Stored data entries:

⁂

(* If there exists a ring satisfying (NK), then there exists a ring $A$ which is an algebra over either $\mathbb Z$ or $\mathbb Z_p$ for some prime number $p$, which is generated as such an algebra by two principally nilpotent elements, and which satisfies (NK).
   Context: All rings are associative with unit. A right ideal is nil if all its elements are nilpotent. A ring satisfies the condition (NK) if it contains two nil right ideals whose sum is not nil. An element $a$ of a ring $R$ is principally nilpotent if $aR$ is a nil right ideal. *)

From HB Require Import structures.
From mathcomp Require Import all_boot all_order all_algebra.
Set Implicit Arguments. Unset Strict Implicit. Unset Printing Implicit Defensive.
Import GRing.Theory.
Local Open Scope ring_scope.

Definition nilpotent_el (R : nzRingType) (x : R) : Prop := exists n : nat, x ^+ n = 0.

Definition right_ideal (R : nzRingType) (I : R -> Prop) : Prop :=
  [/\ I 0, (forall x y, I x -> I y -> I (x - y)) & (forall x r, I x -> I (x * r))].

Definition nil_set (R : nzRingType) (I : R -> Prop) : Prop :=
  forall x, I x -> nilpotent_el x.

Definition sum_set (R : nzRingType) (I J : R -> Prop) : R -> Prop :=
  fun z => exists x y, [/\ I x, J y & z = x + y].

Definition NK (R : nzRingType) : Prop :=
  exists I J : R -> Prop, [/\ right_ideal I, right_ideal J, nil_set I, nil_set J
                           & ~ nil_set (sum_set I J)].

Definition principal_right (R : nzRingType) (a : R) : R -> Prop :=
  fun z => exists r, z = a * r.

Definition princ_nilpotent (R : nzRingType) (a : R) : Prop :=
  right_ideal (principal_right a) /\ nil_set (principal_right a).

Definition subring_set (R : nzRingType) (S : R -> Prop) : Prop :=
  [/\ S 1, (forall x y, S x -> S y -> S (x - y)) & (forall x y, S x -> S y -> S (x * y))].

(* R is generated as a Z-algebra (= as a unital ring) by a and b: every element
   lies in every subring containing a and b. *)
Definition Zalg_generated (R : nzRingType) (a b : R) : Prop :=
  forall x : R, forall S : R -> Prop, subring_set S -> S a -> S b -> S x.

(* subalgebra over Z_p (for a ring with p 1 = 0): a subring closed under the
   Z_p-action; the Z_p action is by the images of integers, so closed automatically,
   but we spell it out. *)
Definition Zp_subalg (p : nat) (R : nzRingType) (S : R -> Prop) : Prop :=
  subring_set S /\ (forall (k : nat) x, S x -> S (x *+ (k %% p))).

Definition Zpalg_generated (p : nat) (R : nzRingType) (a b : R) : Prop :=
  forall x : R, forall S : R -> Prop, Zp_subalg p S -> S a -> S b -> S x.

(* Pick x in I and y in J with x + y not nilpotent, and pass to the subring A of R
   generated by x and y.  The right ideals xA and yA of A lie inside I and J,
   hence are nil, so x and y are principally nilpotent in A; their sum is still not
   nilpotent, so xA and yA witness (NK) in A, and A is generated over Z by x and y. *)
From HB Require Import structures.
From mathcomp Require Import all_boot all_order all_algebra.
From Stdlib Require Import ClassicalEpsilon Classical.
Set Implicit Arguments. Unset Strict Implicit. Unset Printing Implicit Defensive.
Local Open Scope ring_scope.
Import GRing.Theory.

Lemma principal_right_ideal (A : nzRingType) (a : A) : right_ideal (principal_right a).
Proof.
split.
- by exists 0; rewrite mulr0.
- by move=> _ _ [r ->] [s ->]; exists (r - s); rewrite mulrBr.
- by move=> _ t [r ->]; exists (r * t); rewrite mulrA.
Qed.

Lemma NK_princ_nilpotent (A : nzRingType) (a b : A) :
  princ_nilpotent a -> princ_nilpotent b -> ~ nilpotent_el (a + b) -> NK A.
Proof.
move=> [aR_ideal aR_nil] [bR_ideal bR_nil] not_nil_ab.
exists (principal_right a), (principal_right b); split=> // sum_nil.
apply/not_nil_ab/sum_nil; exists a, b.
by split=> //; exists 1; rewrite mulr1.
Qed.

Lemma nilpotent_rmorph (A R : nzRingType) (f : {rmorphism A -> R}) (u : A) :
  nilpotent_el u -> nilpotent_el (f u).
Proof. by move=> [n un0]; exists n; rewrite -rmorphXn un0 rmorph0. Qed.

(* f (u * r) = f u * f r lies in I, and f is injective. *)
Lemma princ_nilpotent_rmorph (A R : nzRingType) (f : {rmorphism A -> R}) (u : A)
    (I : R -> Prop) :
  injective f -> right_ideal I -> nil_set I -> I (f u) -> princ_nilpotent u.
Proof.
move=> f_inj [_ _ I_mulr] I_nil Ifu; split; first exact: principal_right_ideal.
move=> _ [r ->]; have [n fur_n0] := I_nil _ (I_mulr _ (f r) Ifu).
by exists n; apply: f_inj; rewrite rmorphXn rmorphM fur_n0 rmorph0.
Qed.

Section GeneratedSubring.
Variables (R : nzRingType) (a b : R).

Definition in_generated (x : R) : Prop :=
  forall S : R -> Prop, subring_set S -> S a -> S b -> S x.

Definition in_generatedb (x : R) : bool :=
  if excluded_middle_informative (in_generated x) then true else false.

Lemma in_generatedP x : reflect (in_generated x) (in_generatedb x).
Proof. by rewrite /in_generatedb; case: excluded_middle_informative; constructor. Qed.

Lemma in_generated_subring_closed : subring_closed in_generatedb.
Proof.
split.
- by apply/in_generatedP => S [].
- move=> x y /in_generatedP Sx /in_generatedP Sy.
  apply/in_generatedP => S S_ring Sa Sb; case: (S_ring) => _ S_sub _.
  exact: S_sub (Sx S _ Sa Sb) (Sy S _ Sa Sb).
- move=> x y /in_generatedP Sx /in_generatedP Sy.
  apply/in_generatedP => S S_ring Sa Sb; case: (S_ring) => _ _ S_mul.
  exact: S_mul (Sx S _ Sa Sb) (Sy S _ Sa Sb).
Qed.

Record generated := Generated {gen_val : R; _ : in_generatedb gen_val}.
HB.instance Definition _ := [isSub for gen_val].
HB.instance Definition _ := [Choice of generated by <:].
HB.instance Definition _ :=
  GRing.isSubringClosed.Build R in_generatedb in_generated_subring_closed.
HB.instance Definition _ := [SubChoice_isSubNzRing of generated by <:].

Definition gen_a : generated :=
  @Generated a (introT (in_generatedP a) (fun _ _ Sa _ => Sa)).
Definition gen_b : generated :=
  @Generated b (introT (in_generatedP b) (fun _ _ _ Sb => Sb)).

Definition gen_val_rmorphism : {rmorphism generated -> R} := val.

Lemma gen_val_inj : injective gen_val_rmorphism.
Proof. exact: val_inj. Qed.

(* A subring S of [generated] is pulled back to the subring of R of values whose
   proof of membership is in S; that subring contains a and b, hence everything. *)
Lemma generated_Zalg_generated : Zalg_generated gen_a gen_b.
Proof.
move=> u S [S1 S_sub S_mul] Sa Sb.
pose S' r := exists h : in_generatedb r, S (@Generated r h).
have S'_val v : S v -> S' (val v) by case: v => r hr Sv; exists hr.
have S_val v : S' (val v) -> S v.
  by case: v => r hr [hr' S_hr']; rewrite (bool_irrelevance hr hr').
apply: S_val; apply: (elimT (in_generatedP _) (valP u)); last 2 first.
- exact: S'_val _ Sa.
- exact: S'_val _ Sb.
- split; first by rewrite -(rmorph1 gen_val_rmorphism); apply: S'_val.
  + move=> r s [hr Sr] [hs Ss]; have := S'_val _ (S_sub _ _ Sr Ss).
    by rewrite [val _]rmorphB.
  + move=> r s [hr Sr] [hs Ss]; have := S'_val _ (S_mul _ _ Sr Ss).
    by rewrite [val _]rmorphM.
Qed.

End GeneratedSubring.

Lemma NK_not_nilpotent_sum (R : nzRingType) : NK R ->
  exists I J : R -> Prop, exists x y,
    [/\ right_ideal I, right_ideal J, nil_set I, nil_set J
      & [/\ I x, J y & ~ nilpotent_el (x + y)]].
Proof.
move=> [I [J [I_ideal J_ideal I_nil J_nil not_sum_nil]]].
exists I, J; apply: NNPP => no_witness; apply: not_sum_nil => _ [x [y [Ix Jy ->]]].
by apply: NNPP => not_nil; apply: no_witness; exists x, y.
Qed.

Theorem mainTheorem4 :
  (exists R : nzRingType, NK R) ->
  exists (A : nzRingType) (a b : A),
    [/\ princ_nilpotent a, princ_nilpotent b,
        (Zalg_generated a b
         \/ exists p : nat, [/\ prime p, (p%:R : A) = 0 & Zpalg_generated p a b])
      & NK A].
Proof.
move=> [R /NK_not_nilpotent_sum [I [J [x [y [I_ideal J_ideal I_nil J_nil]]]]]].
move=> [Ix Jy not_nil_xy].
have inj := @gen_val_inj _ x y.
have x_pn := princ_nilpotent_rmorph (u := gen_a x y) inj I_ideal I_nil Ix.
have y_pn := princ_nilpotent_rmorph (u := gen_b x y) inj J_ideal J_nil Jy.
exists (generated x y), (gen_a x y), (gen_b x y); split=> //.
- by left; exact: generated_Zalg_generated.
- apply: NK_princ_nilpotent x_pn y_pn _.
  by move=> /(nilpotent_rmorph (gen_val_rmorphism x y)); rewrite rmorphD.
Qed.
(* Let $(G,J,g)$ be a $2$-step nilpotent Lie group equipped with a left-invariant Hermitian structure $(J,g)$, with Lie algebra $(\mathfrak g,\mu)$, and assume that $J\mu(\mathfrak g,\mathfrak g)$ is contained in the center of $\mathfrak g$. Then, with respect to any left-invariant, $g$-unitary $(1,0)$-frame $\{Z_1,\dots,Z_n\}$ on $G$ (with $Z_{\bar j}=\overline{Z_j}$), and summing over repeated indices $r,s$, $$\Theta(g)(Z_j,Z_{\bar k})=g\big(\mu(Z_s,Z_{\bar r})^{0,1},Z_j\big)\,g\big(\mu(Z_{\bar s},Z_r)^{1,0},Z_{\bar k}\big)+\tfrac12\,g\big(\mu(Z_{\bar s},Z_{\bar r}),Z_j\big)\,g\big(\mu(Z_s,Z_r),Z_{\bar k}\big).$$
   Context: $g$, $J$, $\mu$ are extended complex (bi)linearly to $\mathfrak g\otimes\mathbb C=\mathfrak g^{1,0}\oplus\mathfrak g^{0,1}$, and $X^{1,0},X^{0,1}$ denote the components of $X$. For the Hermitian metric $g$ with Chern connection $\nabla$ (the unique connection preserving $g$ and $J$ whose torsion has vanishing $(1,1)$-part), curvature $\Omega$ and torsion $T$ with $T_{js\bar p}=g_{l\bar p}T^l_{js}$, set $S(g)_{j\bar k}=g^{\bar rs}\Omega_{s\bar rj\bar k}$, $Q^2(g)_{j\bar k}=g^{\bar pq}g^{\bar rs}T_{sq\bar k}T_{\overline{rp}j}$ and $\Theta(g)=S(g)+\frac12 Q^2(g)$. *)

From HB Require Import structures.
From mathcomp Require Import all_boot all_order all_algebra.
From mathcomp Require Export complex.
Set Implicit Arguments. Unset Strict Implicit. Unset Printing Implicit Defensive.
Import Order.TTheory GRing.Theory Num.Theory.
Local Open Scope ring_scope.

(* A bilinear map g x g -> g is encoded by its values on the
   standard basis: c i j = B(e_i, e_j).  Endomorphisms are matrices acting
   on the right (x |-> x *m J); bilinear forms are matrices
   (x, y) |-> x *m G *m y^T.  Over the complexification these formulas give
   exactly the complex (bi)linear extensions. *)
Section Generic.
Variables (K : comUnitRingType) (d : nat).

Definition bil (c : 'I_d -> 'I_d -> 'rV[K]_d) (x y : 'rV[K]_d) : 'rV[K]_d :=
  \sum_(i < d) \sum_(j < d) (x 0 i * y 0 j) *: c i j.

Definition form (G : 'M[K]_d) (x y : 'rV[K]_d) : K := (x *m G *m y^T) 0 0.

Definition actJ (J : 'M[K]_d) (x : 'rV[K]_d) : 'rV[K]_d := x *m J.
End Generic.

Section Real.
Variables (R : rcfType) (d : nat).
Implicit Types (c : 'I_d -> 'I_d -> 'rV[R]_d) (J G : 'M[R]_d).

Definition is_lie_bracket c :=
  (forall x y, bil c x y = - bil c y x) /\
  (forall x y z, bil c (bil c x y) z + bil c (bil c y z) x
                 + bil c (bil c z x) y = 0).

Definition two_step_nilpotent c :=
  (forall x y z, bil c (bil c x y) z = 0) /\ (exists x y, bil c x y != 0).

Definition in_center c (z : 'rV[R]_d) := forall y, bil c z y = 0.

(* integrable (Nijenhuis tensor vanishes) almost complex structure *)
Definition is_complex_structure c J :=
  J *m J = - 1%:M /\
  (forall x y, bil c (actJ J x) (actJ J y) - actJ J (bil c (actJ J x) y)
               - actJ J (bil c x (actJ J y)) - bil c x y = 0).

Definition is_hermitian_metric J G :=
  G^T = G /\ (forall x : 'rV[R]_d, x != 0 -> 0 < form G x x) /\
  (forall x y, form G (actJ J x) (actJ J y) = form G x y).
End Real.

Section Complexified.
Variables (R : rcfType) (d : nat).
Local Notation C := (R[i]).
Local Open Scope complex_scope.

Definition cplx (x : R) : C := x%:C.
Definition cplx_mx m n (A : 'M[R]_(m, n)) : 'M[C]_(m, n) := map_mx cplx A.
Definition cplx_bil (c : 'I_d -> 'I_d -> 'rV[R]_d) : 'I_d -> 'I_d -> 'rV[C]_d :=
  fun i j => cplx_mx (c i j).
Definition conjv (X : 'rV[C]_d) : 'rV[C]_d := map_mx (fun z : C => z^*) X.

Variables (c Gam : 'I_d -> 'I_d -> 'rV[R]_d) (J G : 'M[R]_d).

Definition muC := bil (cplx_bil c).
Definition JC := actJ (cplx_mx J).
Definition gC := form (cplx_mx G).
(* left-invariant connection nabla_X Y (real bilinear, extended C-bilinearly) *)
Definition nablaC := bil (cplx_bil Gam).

⁂

Among the records above, find each line holding "rmorphXn" and list it.

* [COMPLETED EXERCISE]
Proof. by move=> [n un0]; exists n; rewrite -rmorphXn un0 rmorph0. Qed.
by exists n; apply: f_inj; rewrite rmorphXn rmorphM fur_n0 rmorph0.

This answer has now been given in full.